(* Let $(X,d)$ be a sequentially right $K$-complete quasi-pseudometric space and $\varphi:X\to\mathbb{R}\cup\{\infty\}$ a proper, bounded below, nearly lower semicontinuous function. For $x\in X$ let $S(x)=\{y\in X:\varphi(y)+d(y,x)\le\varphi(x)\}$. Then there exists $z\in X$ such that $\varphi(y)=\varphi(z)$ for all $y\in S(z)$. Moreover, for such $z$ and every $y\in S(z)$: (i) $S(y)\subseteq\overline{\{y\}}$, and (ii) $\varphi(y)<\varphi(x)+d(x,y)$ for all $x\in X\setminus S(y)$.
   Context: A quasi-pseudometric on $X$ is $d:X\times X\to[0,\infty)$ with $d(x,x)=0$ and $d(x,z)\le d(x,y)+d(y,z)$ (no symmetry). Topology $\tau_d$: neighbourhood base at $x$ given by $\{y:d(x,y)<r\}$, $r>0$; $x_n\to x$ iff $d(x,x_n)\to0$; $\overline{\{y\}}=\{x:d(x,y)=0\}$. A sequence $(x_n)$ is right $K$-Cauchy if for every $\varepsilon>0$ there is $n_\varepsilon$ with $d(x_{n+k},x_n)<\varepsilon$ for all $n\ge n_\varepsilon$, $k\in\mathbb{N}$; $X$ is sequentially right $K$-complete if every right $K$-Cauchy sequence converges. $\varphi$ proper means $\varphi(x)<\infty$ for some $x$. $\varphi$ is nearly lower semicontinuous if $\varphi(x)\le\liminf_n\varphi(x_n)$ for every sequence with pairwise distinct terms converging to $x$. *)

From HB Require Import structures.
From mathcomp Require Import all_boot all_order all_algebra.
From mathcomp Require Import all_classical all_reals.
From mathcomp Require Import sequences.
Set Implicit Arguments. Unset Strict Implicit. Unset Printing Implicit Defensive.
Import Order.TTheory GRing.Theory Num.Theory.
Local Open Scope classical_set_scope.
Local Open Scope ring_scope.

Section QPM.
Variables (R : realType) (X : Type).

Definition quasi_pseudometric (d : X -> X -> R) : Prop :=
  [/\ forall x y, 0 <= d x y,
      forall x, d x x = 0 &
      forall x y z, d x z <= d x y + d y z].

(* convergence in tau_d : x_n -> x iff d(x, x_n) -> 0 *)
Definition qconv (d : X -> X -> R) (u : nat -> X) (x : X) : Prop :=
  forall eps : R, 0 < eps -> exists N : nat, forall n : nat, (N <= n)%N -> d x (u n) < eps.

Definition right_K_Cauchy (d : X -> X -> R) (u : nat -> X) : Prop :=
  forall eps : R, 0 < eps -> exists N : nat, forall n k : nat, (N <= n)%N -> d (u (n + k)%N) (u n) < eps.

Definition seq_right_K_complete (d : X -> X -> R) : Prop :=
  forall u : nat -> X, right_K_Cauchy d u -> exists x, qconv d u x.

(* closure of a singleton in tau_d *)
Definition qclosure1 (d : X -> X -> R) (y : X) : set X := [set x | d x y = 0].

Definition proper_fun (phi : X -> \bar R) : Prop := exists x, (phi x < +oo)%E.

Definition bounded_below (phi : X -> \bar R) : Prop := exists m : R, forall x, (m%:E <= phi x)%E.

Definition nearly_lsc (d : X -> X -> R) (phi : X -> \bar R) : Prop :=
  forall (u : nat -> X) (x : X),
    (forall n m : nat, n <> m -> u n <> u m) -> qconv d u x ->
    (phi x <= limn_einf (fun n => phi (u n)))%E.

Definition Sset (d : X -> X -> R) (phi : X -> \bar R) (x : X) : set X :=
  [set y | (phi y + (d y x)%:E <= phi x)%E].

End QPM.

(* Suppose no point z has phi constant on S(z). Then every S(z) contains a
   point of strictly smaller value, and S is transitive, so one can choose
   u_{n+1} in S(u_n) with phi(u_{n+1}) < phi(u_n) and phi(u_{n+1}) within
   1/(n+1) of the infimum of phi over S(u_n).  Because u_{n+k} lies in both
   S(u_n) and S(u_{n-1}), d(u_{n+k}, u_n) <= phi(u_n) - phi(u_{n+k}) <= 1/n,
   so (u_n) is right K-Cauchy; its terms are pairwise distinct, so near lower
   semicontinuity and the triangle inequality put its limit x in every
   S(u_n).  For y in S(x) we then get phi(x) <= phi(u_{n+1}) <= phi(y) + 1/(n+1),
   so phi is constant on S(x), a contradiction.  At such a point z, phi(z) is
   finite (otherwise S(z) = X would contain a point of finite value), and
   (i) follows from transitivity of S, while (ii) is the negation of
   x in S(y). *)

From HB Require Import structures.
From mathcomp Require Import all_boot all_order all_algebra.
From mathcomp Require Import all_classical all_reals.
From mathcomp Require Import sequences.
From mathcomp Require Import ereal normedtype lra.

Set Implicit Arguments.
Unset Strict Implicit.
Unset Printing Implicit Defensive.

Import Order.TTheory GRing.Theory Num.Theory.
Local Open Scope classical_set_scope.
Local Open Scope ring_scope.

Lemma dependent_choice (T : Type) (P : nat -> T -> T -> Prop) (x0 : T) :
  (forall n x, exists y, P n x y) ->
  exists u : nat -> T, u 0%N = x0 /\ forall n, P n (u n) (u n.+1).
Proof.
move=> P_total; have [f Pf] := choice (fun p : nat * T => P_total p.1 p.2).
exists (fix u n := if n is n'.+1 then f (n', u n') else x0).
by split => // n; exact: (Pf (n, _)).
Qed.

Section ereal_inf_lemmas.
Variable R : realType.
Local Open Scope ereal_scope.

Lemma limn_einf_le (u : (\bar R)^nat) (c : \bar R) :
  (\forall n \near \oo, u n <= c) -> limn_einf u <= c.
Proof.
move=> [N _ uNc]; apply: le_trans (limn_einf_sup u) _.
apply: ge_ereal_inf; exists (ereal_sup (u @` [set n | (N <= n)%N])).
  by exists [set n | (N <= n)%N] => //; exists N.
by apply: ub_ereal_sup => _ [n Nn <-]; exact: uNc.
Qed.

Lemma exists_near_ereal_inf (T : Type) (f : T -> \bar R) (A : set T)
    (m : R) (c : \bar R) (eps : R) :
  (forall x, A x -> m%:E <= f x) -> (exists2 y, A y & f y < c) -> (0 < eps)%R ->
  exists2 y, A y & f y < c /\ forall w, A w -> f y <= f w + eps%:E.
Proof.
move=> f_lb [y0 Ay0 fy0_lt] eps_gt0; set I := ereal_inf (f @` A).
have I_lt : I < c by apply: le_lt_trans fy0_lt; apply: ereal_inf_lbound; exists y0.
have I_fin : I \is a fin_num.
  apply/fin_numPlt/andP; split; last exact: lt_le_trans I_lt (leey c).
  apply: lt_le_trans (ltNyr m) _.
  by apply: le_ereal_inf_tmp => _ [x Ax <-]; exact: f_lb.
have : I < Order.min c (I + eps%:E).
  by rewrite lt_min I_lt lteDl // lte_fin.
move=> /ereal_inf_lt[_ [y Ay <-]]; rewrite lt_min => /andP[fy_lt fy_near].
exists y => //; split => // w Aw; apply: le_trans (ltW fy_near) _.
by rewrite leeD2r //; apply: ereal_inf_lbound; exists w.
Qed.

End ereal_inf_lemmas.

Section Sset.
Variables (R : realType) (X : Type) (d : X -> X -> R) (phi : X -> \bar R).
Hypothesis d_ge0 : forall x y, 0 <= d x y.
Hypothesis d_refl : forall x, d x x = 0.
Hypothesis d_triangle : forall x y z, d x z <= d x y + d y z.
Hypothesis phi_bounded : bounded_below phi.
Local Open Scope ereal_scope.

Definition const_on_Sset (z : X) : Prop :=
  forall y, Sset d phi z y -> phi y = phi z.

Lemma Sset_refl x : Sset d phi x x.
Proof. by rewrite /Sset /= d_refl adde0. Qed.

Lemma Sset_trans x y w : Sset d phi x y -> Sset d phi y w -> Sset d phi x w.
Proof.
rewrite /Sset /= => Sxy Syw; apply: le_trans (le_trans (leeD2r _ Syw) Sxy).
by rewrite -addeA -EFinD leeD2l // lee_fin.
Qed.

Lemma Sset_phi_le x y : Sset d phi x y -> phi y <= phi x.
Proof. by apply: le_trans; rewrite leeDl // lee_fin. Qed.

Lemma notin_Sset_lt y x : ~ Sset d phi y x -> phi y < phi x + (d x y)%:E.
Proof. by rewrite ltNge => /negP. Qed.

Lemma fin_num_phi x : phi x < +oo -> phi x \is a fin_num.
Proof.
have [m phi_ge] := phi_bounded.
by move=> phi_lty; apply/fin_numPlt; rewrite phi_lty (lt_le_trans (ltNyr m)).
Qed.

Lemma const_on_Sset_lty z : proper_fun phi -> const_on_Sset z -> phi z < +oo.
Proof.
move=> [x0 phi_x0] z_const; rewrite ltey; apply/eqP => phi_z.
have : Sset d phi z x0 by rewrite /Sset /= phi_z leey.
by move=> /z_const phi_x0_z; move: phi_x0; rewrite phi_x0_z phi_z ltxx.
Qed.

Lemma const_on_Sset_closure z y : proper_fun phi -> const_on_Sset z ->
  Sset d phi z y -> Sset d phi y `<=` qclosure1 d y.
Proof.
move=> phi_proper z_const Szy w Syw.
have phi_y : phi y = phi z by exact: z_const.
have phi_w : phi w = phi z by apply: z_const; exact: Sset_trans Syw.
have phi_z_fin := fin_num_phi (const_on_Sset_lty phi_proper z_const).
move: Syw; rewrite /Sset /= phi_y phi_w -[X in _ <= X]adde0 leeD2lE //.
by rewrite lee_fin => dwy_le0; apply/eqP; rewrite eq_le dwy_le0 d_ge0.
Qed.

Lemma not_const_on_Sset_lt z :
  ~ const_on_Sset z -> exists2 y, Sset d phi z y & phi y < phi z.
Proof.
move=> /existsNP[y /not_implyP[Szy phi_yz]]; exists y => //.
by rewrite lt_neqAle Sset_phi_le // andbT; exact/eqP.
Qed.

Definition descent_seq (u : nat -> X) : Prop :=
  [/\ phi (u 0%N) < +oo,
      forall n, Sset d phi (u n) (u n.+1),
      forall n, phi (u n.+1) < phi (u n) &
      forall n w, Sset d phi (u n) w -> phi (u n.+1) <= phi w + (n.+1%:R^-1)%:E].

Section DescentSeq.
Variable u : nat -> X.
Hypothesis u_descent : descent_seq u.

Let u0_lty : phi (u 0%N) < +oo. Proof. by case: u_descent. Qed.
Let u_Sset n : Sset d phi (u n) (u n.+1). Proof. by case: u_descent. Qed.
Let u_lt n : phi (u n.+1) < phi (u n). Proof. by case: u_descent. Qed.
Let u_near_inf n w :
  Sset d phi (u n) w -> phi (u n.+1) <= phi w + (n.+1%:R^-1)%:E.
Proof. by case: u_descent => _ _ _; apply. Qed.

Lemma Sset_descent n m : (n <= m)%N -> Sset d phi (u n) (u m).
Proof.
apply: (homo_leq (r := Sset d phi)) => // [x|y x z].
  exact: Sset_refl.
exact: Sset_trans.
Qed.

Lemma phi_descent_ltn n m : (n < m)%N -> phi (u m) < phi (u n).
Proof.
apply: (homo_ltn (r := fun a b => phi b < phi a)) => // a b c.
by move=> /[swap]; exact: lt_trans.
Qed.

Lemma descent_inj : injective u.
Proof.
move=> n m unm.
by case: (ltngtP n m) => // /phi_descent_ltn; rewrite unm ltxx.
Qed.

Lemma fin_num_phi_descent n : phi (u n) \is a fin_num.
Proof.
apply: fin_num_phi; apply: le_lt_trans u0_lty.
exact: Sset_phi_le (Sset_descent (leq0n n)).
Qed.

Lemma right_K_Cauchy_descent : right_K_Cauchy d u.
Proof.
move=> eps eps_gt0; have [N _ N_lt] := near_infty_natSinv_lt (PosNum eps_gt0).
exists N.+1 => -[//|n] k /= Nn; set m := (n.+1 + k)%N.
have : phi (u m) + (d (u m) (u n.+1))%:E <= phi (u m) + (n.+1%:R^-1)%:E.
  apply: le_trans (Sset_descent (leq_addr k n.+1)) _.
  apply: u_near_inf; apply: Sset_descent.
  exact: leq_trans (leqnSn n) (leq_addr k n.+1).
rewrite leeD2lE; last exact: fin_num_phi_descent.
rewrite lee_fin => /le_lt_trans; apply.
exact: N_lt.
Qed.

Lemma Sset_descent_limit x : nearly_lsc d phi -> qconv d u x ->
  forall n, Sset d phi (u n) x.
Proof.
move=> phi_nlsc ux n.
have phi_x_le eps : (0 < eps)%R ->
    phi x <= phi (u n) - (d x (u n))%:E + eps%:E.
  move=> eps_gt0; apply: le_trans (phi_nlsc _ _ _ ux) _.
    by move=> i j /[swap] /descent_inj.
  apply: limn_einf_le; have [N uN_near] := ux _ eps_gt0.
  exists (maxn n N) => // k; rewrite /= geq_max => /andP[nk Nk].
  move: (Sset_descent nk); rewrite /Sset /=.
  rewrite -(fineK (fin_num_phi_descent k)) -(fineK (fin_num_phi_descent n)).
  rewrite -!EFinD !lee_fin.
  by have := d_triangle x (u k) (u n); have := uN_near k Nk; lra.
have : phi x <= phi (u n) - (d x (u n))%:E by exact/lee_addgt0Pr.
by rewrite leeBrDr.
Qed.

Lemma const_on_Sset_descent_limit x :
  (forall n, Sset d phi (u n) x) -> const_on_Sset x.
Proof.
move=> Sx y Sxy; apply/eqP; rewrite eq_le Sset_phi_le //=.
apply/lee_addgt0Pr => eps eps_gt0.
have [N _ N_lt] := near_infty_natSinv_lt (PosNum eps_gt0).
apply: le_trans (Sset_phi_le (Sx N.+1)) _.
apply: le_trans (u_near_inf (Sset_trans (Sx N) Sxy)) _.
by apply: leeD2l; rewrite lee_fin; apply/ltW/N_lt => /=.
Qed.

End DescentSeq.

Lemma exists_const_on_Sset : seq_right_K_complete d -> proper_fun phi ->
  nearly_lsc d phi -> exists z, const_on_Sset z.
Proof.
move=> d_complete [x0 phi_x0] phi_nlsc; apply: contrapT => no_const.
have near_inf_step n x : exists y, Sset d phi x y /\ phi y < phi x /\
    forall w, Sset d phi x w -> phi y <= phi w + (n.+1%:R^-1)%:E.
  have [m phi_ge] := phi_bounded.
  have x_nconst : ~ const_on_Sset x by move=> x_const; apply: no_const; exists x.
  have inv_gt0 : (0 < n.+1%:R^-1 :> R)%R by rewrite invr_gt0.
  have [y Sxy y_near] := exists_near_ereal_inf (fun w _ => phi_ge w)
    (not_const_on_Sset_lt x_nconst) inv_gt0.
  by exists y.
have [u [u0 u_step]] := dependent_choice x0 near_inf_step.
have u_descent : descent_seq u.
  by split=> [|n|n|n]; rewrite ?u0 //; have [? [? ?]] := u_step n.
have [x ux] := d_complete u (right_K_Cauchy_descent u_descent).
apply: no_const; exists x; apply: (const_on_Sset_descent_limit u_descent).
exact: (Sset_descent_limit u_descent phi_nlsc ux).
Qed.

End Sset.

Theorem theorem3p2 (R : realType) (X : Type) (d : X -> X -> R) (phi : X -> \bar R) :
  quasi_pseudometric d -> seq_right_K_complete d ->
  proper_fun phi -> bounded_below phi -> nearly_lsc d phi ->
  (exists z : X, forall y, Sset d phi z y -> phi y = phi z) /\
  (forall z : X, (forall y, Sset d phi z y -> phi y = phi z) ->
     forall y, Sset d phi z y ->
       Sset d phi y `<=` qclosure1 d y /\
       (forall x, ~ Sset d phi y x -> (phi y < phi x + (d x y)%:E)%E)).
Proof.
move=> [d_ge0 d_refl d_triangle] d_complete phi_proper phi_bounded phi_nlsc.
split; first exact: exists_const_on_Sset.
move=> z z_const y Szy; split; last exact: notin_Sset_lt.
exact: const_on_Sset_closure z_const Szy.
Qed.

+--

What is required: Find the lines above that include the string "mathbb" and copy them.

Written solution:
(* Let $(X,d)$ be a sequentially right $K$-complete quasi-pseudometric space and $\varphi:X\to\mathbb{R}\cup\{\infty\}$ a proper, bounded below, nearly lower semicontinuous function. For $x\in X$ let $S(x)=\{y\in X:\varphi(y)+d(y,x)\le\varphi(x)\}$. Then there exists $z\in X$ such that $\varphi(y)=\varphi(z)$ for all $y\in S(z)$. Moreover, for such $z$ and every $y\in S(z)$: (i) $S(y)\subseteq\overline{\{y\}}$, and (ii) $\varphi(y)<\varphi(x)+d(x,y)$ for all $x\in X\setminus S(y)$.
   Context: A quasi-pseudometric on $X$ is $d:X\times X\to[0,\infty)$ with $d(x,x)=0$ and $d(x,z)\le d(x,y)+d(y,z)$ (no symmetry). Topology $\tau_d$: neighbourhood base at $x$ given by $\{y:d(x,y)<r\}$, $r>0$; $x_n\to x$ iff $d(x,x_n)\to0$; $\overline{\{y\}}=\{x:d(x,y)=0\}$. A sequence $(x_n)$ is right $K$-Cauchy if for every $\varepsilon>0$ there is $n_\varepsilon$ with $d(x_{n+k},x_n)<\varepsilon$ for all $n\ge n_\varepsilon$, $k\in\mathbb{N}$; $X$ is sequentially right $K$-complete if every right $K$-Cauchy sequence converges. $\varphi$ proper means $\varphi(x)<\infty$ for some $x$. $\varphi$ is nearly lower semicontinuous if $\varphi(x)\le\liminf_n\varphi(x_n)$ for every sequence with pairwise distinct terms converging to $x$. *)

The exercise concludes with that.